2. Nasyid-nasyid Islami yang diiringi rebana.
3. Nasyid-nasyid Islami yang diiringi alat-alat musik.
Nasyid-nasyid ini bercerita tentang kecintaan kapada Alloh Azza Wa Jalla dan kecintaan kepada Rasulullah saw, tafakkur tentang kecintaan kepada Allah, kecintaan kepada kedua orang tua, kecintaan kepada tanah air, dan kemuliaan akhlaq. Selanjutnya, nasyid jenis pertama, apabila maksud dan kandungan maknanya halal, maka hukumnya pun halal. Kemudian karena alat-alat musik selain rebana dan genderang perang itu haram, maka untuk nasyid jenis ketiga pun haram pula hukumnya. Oleh sebab itu, ulama berselisih pendapat tentang hukum nasyid jenis ketiga antara mubah atau haram.
Dalil-dalil para ulama yang mengharamkan nasyid islami:
1. Kaidah usul fiqih saddudz dzara'i' (menutup celah utk berbuat maksiat)
Karena mendengarkan nasyid-nasyid Islami yang tidak menyerupai lagu-lagu dan klub-klub penyanyi pada umumnya itu merupakan celah/ penuntun kepada mendengarkan nasyid-nasyid yang menyerupai lagu-lagu umum.
2. Nasyid-nasyid itu merupakan salah satu bentuk tradisi sufi, sedang dalam tradisi tersebut terdapat unsur penyelisihan syariat. Akibatnya, maka nasyid Islami juga dilarang
3. Bila hal ini tidak termasuk petunjuk Nabi saw. dan tidak pernah dikenal oleh pokok generasi-generasi yang diakui kualitasnya dan telah mem-fatwakan ketidakbolehannya banyak ulama diantaranya Muh. Nashiruddin Al-Albani, Muhammad bin Sholeh Al-Utsaimin dan Shalih Al-Fauzan, maka kesimpulannya adalah bahwa nasyid-nasyid Islami merupakan bid'ah dalam agama yang menyerupai bid'ah orang-orang sufi.

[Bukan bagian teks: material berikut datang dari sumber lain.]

(* There is an absolute constant $c>0$ such that the following holds. Let $N\ge1$, $M\ge4$ be integers, let $M'=2^n$ be the largest power of two with $M'(\log M'+2)\le M/2$ and assume $N\ge M'$. Let $b\le N$ be a positive integer multiple of $M'$ and let $k\in\mathbb N$. Then there is a 2D SLP $\mathcal G$ with at most $c\cdot(\log N+\log M+k)$ nonterminals such that for every $i\in[0..k]$, $\mathcal G$ contains a nonterminal $C_i$ with $\exp(C_i)=C_{N+i\cdot b,\,M}$.
   Context: Alphabet $\Sigma\supseteq\{0,1,\$\}$; logarithms are base 2. For $N=2^n$, $\mathsf{Bin}_N$ is the $N\times(n+2)$ array whose $i$-th row is $\$\,b_{i-1}\,\$$ with $b_{i-1}$ the $n$-bit binary representation of $i-1$; $\mathsf{ShiftBin}_N$ is the $2N\times N(n+2)$ array in which, for each $j\in[1..N]$, rows $j..j+N-1$ and columns $(j-1)(n+2)+1..j(n+2)$ form a copy of $\mathsf{Bin}_N$, all other entries being $0$. For integers $N\ge1$, $M\ge4$, let $M'=2^{n}$ be the largest power of two with $M'(\log M'+2)\le M/2$, assume $N\ge M'$, and let $B=\mathsf{ShiftBin}_{M'}$ (of size $2M'\times M'(\log M'+2)$). The 2D string $C_{N,M}$ of size $N\times M$ is the horizontal concatenation of three parts: (1) the left block, of width $M'(\log M'+2)$: $\lfloor N/(2M')\rfloor$ copies of $B$ stacked vertically, followed below by rows of $0$'s to reach height $N$; (2) the right block, of the same width: $M'$ rows of $0$'s, then $\lfloor (N-M')/(2M')\rfloor$ copies of $B$ stacked vertically, then rows of $0$'s to reach height $N$; (3) an all-$0$ block completing the width to $M$. A 2D SLP is a triple $(\mathcal V,\mathcal S,\rho)$ of nonterminals with dimensions, a start, and productions each being a character, a horizontal concatenation of two nonterminals of equal height, or a vertical concatenation of two nonterminals of equal width, with acyclic occurrence relation; $\exp(X)$ denotes the recursive expansion of $X$. *)

From Stdlib Require Import Reals.
From mathcomp Require Import all_boot.

Set Implicit Arguments.
Unset Strict Implicit.
Unset Printing Implicit Defensive.

(** * 2D strings: a 2D string is represented as the list of its rows. *)
Definition str2 (S : Type) := seq (seq S).

Definition height {S} (s : str2 S) : nat := size s.
Definition width {S} (s : str2 S) : nat := size (head [::] s).

(** Nonterminals are numbered 0 .. size g - 1; the production of nonterminal i
    is the i-th rule.  Acyclicity of the occurrence relation is expressed by a
    topological numbering: the right-hand side of rule i only mentions
    nonterminals j < i. *)
Inductive rule (S : Type) :=
| Term of S
| HCat of nat & nat
| VCat of nat & nat.
Arguments HCat {S}.
Arguments VCat {S}.

Definition slp (S : Type) := seq (rule S).

Definition hcat {S} (x y : str2 S) : str2 S := [seq p.1 ++ p.2 | p <- zip x y].
Definition vcat {S} (x y : str2 S) : str2 S := x ++ y.

Definition expand_rule {S} (acc : seq (str2 S)) (r : rule S) : str2 S :=
  match r with
  | Term a => [:: [:: a]]
  | HCat x y => hcat (nth [::] acc x) (nth [::] acc y)
  | VCat x y => vcat (nth [::] acc x) (nth [::] acc y)
  end.

Definition exps {S} (g : slp S) : seq (str2 S) :=
  foldl (fun acc r => rcons acc (expand_rule acc r)) [::] g.

Definition expNT {S} (g : slp S) (i : nat) : str2 S := nth [::] (exps g) i.

Definition rule_ok {S} (g : slp S) (i : nat) (r : rule S) : Prop :=
  match r with
  | Term _ => True
  | HCat x y => [/\ x < i, y < i & height (expNT g x) = height (expNT g y)]
  | VCat x y => [/\ x < i, y < i & width (expNT g x) = width (expNT g y)]
  end%N.

Definition slp_wf {S} (g : slp S) : Prop :=
  forall i, (i < size g)%N -> rule_ok g i (nth (HCat 0 0) g i).

Definition slp_size {S} (g : slp S) : nat := size g.

(** * The 2D strings Bin, ShiftBin and C_{N,M}  (0-based indices). *)
Section Strings.
Variables (S : Type) (c0 c1 cd : S). (* the characters 0, 1, $ *)

(* bit j (0 = most significant) of the n-bit binary representation of v *)
Definition bitc (n v j : nat) : S := if odd (v %/ 2 ^ (n.-1 - j)) then c1 else c0.

(* entry (r, c) of Bin_{2^n}, r < 2^n, c < n+2: row r is $ b_r $ *)
Definition bin_entry (n r c : nat) : S :=
  if (c == 0) || (c == n.+1) then cd else bitc n r (c.-1).

(* entry (r, c) of ShiftBin_{2^n} (2*2^n rows, 2^n (n+2) columns) *)
Definition shiftbin_entry (n r c : nat) : S :=
  let j0 := c %/ (n + 2) in
  if (j0 <= r) && (r < j0 + 2 ^ n) then bin_entry n (r - j0) (c %% (n + 2)) else c0.

(* n with M' = 2^n: the largest n with M' (log M' + 2) <= M/2,
   i.e. 2 * 2^n * (n+2) <= M (any such n is < M). *)
Definition logMp (M : nat) : nat :=
  foldl (fun acc n => if 2 * 2 ^ n * (n + 2) <= M then n else acc) 0 (iota 0 M).
(* = the largest n < M with 2 * 2^n * (n+2) <= M (0 if none; n = 0 works
   whenever M >= 4) *)

Definition C_entry (N M r c : nat) : S :=
  let n := logMp M in
  let Mp := 2 ^ n in
  let W := Mp * (n + 2) in
  if c < W then
    (if r %/ (2 * Mp) < N %/ (2 * Mp) then shiftbin_entry n (r %% (2 * Mp)) c else c0)
  else if c < 2 * W then
    (if r < Mp then c0
     else if (r - Mp) %/ (2 * Mp) < (N - Mp) %/ (2 * Mp)
          then shiftbin_entry n ((r - Mp) %% (2 * Mp)) (c - W) else c0)
  else c0.

Definition Cstr (N M : nat) : str2 S :=
  mkseq (fun r => mkseq (fun c => C_entry N M r c) M) N.
End Strings.

Definition log2R (x : nat) : R := Rdiv (ln (INR x)) (ln (INR 2)).

(* The grammar is built by repeated doubling.  The columns of the binary counter
   Bin_{2^m} double as [0;1] next to two stacked copies of the smaller counter,
   and the first 2^t column blocks of ShiftBin double as [Y 0; 0 Y], so
   B = ShiftBin_{M'} costs O(log M) rules; a stack of q copies of any array, and
   any constant array, cost O(log q) rules by binary exponentiation.
   Write L(H) for the left block of C_{H,M} (floor(H/2M') copies of B over zeros);
   the right block is [0; L(H - M')] and L(q 2M' + H) = [B^q; L(H)].  As M' | b,
   2b is a multiple of 2M', so once B^(b/M') and the matching zero block exist,
   passing from height H to H + 2b costs a constant number of rules.  The heights
   N + i b are covered by the two progressions N + 2ub and N + b + 2ub. *)

From Stdlib Require Import Reals Lra.
From mathcomp Require Import all_boot zify.

Set Implicit Arguments.
Unset Strict Implicit.
Unset Printing Implicit Defensive.

Lemma logMp_fits M : 4 <= M -> 2 * (2 ^ logMp M * (logMp M + 2)) <= M.
Proof.
move=> M_ge4; rewrite mulnA /logMp; set step := fun acc k => _.
suff fits : forall ks acc, 2 * 2 ^ acc * (acc + 2) <= M ->
  2 * 2 ^ foldl step acc ks * (foldl step acc ks + 2) <= M by exact: fits.
by elim=> [|k ks IH] acc //= fits_acc; apply: IH; rewrite /step; case: ifP.
Qed.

4. Termasuk bukti yang sangat kuat adalah ketergantungan para pemuda yang hobi mendengarkan nasyid-nasyid tersebut dan keterlewatbatasan mereka dalam mendengarkannya sehingga hal itu melalaikan manusia dari mencari ilmu yang bermanfaat, khususnya para personil grup nasyid yang dituntut untuk menghafal lirik-lirik nasyid yang akan dibawakannya, menguasai melodi yang pas yang telah diciptakan untuk nasyid tersebut, menghadiri latihan-latihan/gladi-gladi, dan lain-lain. Pada gilirannya nanti, ketergantungan para pemuda itu kepada nasyid mengakibatkan mereka terlalu tersibukkan dengan urusan nasyid melulu. Syeikh Al-Albani mengatakan, "Kita melihat pemuda-pemuda muslim terlenakan dengan nasyid-nasyid religi dan mereka bersenandung dengannya. Hal itu telah memalingkan mereka dari mementingkan tilawah Al-Qur'an, dzikrullah, bershalawat kepada Nabi saw. Maka kewajiban pemuda muslim sebenarnya adalah mendendangkan ayat-ayat Al-Qur'an dan selalu bersenandung dengannya untuk selamanya.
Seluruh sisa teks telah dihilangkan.